Jakarta, Seruji.com—Awal tahun, masyarakat dihebohkan dengan kenaikan harga. Salah satunya, melonjaknya harga cabe rawit merah hingga Rp 100 ribu per kilo gramnya.

Pantauan dari Pasar Induk Kramat Jati Jakarta Timur, kenaikan harga cabe rawit merah disebabkan minimnya pasokan dari daerah produksi. Minimnya pasokan membuat si cabe rawit merah melonjak jadi Rp 100 ribu/kg.

“Pasokan yang datang sedikit, panen belum merata. Di Sumatera belum panen, jadi cuma ada yang dari Jawa sama Manado saja,” kata Ngadiran, salah seorang pedagang di Pasar Induk Kramat Jati, Senin (9/1).

Disebutkan, untuk cabe rawit merah kecil dari Manado harga yang dibandrol Rp 110 ribu/kg lalu cabe rawit merah besar Rp 100 ribu/kg. “Sedangkan cabe rawit hijau Rp 55.000,” katanya.

Sementara untuk cabe hijau besar ari Bandung, Garut, Jawa Barat, dijual Rp 15.000 per kilogram dan cabe merah keriting dari Magelang, Jawa Tengah, dijual Rp 45.000.

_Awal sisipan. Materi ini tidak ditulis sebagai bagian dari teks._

(* On the étale cover $\tilde U$ (see context), with the lifted Poisson bracket, one has $\{x_i,x_j\}=0$, $\{y_i,y_j\}=0$ and $\{x_i,y_j\}=\delta_{ij}y_j$ for all $1\le i,j\le d$.
   Context: Let $V=\mathbb C^d$ and let $\mathfrak a=(\mathfrak{gl}(V)\ltimes V)\oplus(\mathfrak{gl}(V)\ltimes V^* )$ with basis $e_{ij}$, $e'_{ij}$ (matrix units of the two copies of $\mathfrak{gl}(V)$), $q_i$ (basis of $V$), $p_i$ (basis of $V^*$), with the standard $\mathfrak{gl}$ brackets, $[e_{ij},q_k]=\delta_{jk}q_i$, $[e'_{ij},p_k]=-\delta_{ki}p_j$, and all other brackets of basis elements zero. Let $\mathbb C[\mathfrak Z_d]:=\big(S(\mathfrak a)/S(\mathfrak a)\mathfrak{gl}(V)_{\rm diag}\big)^{\mathfrak{gl}(V)_{\rm diag}}\cong\mathbb C[e_{ij},q_i,p_i]^{\mathfrak{gl}(V)}$, with the Poisson bracket induced from the Lie–Poisson bracket on $S(\mathfrak a)$, where $\mathfrak{gl}(V)_{\rm diag}$ is spanned by $e_{ij}+e'_{ij}$; $\mathfrak Z_d=\operatorname{Spec}\mathbb C[\mathfrak Z_d]$. Let $a_r=\operatorname{Tr}A^r$ where $A=(e_{ij})$, and $b_s=\sum p_{i_1}e_{i_1i_2}\cdots e_{i_si_{s+1}}q_{i_{s+1}}$. Let $U\subset\mathfrak Z_d$ be the open subset where $A$ has $d$ distinct eigenvalues, and $\tilde U\to U$ the étale cover given by orderings of the eigenvalues; the Poisson bracket lifts uniquely to $\tilde U$. On $\tilde U$ let $x_1,\dots,x_d$ be the ordered eigenvalues (so $a_r=\sum_i x_i^r$) and $y_i=\sum_{r=0}^{d-1}(-1)^r\sigma_r(x_1,\dots,\widehat{x_i},\dots,x_d)\,b_{d-1-r}$, where $\sigma_r$ is the $r$-th elementary symmetric function. *)

From HB Require Import structures.
From mathcomp Require Import all_boot all_order all_algebra.
From mathcomp Require Import reals complex.
Set Implicit Arguments. Unset Strict Implicit. Unset Printing Implicit Defensive.
Import Order.TTheory GRing.Theory Num.Theory.
Local Open Scope ring_scope.

(* The field of complex numbers: C = R[i] for R a model of the reals
   (any realType is isomorphic to the real numbers). *)
Definition Cplx (R : realType) := complex R.

Definition poisson_bracket (K : fieldType) (S : comUnitAlgType K)
  (br : S -> S -> S) : Prop :=
  [/\ forall (a : K) (f g h : S), br (a *: f + g) h = a *: br f h + br g h,
      forall (a : K) (f g h : S), br h (a *: f + g) = a *: br h f + br h g,
      forall f g : S, br f g = - br g f,
      forall f g h : S, br (f * g) h = f * br g h + g * br f h
    & forall f g h : S, br f (br g h) + br g (br h f) + br h (br f g) = 0].

Definition Amat (S : comUnitRingType) (d : nat) (E : 'I_d -> 'I_d -> S)
  : 'M[S]_d := \matrix_(i, j) E i j.

(* b_s = sum p_{i1} e_{i1 i2} ... e_{is i(s+1)} q_{i(s+1)} = p^T A^s q. *)
Definition bfun (S : comUnitRingType) (d : nat) (E : 'I_d -> 'I_d -> S)
  (Q P : 'I_d -> S) (s : nat) : S :=
  \sum_(i < d) \sum_(j < d) P i * (Amat E ^+ s) i j * Q j.

Definition esym_omit (S : comUnitRingType) (d : nat) (x : 'I_d -> S)
  (i : 'I_d) (r : nat) : S :=
  \sum_(J : {set 'I_d} | (#|J| == r) && (i \notin J)) \prod_(j in J) x j.

Definition yfun (S : comUnitRingType) (d : nat) (E : 'I_d -> 'I_d -> S)
  (Q P : 'I_d -> S) (x : 'I_d -> S) (i : 'I_d) : S :=
  \sum_(r < d) (-1) ^+ r * esym_omit x i r * bfun E Q P (d.-1 - r).

From HB Require Import structures.
From mathcomp Require Import all_boot all_order all_algebra.
From mathcomp Require Import reals complex.
From mathcomp Require Import ring.
Set Implicit Arguments. Unset Strict Implicit. Unset Printing Implicit Defensive.
Import Order.TTheory GRing.Theory Num.Theory.
Local Open Scope ring_scope.

(* Let P_i = L_i(A) / L_i(x_i), with L_i = prod_(k != i) (X - x_k), be the
   spectral projectors of A = (e_ij) and z_i = p^T P_i q; by Vieta's formula
   y_i = L_i(x_i) z_i.  Bracketing with a fixed function is a derivation D, and
   first-order perturbation theory gives D x_i = tr (P_i DA) (using tr P_i = 1,
   which follows from Jacobi's formula for the derivative of char_poly A) and
   D P_i = sum_(m != i) (P_m DA P_i + P_i DA P_m) / (x_i - x_m).  On the
   generators this shows that x_i Poisson-commutes with e and p, hence with
   x_j, that {x_i, z_j} = delta_ij z_j, and that
   {z_i, z_j} = 2 z_i z_j / (x_i - x_j) for i <> j; the latter is exactly
   cancelled by the brackets of the z's with the prefactors L_i(x_i). *)

Definition derivation (R : nzRingType) (D : R -> R) : Prop :=
  {morph D : a b / a + b} /\ forall a b, D (a * b) = D a * b + a * D b.

Section Derivation.
Variables (R : comNzRingType) (D : R -> R).
Hypothesis Dder : derivation D.

Lemma derD : {morph D : a b / a + b}. Proof. by case: Dder. Qed.

Lemma derM a b : D (a * b) = D a * b + a * D b. Proof. by case: Dder. Qed.

Lemma der0 : D 0 = 0.
Proof. by apply: (@addrI _ (D 0)); rewrite -derD !addr0. Qed.

Lemma derN : {morph D : a / - a}.
Proof. by move=> a; apply: (@addrI _ (D a)); rewrite -derD !subrr der0. Qed.

Lemma derB : {morph D : a b / a - b}.
Proof. by move=> a b; rewrite derD derN. Qed.

Lemma der1 : D 1 = 0.
Proof.
have D11 := derM 1 1; rewrite !mul1r !mulr1 in D11.
by apply: (@addrI _ (D 1)); rewrite addr0 -D11.
Qed.

Lemma der_sum (I : Type) (s : seq I) (P : pred I) (F : I -> R) :
  D (\sum_(i <- s | P i) F i) = \sum_(i <- s | P i) D (F i).
Proof. exact: (big_morph D derD der0). Qed.

Lemma der_prod_eq0 (I : Type) (s : seq I) (P : pred I) (F : I -> R) :
  (forall i, P i -> D (F i) = 0) -> D (\prod_(i <- s | P i) F i) = 0.
Proof.
move=> DF0; apply: (big_ind (fun a => D a = 0)) => //; first exact: der1.
by move=> a b Da0 Db0; rewrite derM Da0 Db0 mul0r mulr0 addr0.
Qed.

Lemma der_sign k : D ((-1) ^+ k) = 0.
Proof.
elim: k => [|k IHk]; first by rewrite expr0 der1.
by rewrite exprS derM IHk mulr0 derN der1 oppr0 mul0r addr0.
Qed.

Lemma der_prod (I : eqType) (s : seq I) (F : I -> R) : uniq s ->
  D (\prod_(i <- s) F i) =
  \sum_(j <- s) \prod_(i <- s) (if i == j then D (F i) else F i).
Proof.
elim: s => [|a s IHs] /=; first by rewrite !big_nil der1.
case/andP=> a_notin_s uniq_s; rewrite big_cons derM IHs // big_cons big_cons eqxx.
congr (_ + _).
  congr (_ * _); apply: eq_big_seq => i i_s; case: eqP => // eq_ia.
  by rewrite -eq_ia i_s in a_notin_s.
rewrite big_distrr /=; apply: eq_big_seq => j j_s; rewrite big_cons.
by case: eqP => // eq_aj; rewrite eq_aj j_s in a_notin_s.
Qed.

Lemma der_det n (M : 'M[R]_n) :
  D (\det M) = \sum_j \det (\matrix_(i, k) (if i == j then D (M i k) else M i k)).
Proof.
rewrite /determinant der_sum.
under eq_bigr => s _ do
  rewrite derM der_sign mul0r add0r der_prod ?index_enum_uniq // big_distrr.
rewrite exchange_big /=; apply: eq_bigr => j _; apply: eq_bigr => s _.
by congr (_ * _); apply: eq_bigr => i _; rewrite mxE.
Qed.

Lemma der_mulmx m n p (M : 'M[R]_(m, n)) (N : 'M[R]_(n, p)) :
  map_mx D (M *m N) = map_mx D M *m N + M *m map_mx D N.
Proof.
apply/matrixP => i j; rewrite !mxE der_sum -big_split /=.
by apply: eq_bigr => k _; rewrite derM !mxE.
Qed.

Lemma der_scalemx m n c (M : 'M[R]_(m, n)) :
  map_mx D (c *: M) = D c *: M + c *: map_mx D M.
Proof. by apply/matrixP => i j; rewrite !mxE derM. Qed.

End Derivation.

Lemma derivation_deriv (R : comNzRingType) : derivation (@deriv R).
Proof. by split=> [p q|p q]; rewrite ?derivD ?derivM. Qed.

Lemma deriv_char_poly (R : comNzRingType) n (A : 'M[R]_n) :
  (char_poly A)^`() = \tr (\adj (char_poly_mx A)).
Proof.
rewrite /char_poly (der_det (derivation_deriv R)); apply: eq_bigr => j _.
have deriv_entry i k : (char_poly_mx A i k)^`() = (i == k)%:R.
  by rewrite !mxE derivB derivMn derivX derivC subr0.
rewrite (expand_det_row _ j) (bigD1 j) //= big1 ?addr0; last first.
  by move=> k kj; rewrite mxE eqxx deriv_entry eq_sym (negbTE kj) mul0r.
rewrite mxE eqxx deriv_entry eqxx mul1r [RHS]mxE /cofactor; congr (_ * \det _).
by apply/matrixP => a b; rewrite !mxE eq_sym (negbTE (neq_lift _ _)).
Qed.

Section SpectralProjectors.
Variables (S : comUnitRingType) (n : nat) (A : 'M[S]_n.+1) (x : 'I_n.+1 -> S).
Hypothesis A_char : char_poly A = \prod_i ('X - (x i)%:P).
Hypothesis x_sep : forall i j, i != j -> x i - x j \is a GRing.unit.

Definition lagrange_num i : {poly S} := \prod_(k | k != i) ('X - (x k)%:P).
Definition lagrange_den i : S := \prod_(k | k != i) (x i - x k).
Fact eigenproj_key : unit. Proof. exact: tt. Qed.
Definition eigenproj i : 'M[S]_n.+1 :=
  locked_with eigenproj_key ((lagrange_den i)^-1 *: horner_mx A (lagrange_num i)).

Ngadiran menyebutkan, penyebab mahalnya harga cabe rawit merah karena ongkos transportasi. Seperti cabe dari Manado yang harus diangkut menggunakan pesawat sehingga harganya menjadi mahal.

“Yang dari Manado kami ambil di Cengkareng (Bandara Internasional Soekarno-Hatta) karena diangkutnya pakai pesawat dan jumlah yang diangkut sedikit, jadi enggak sebanding sama ongkos ke sininya,” jelasnya. (jamal)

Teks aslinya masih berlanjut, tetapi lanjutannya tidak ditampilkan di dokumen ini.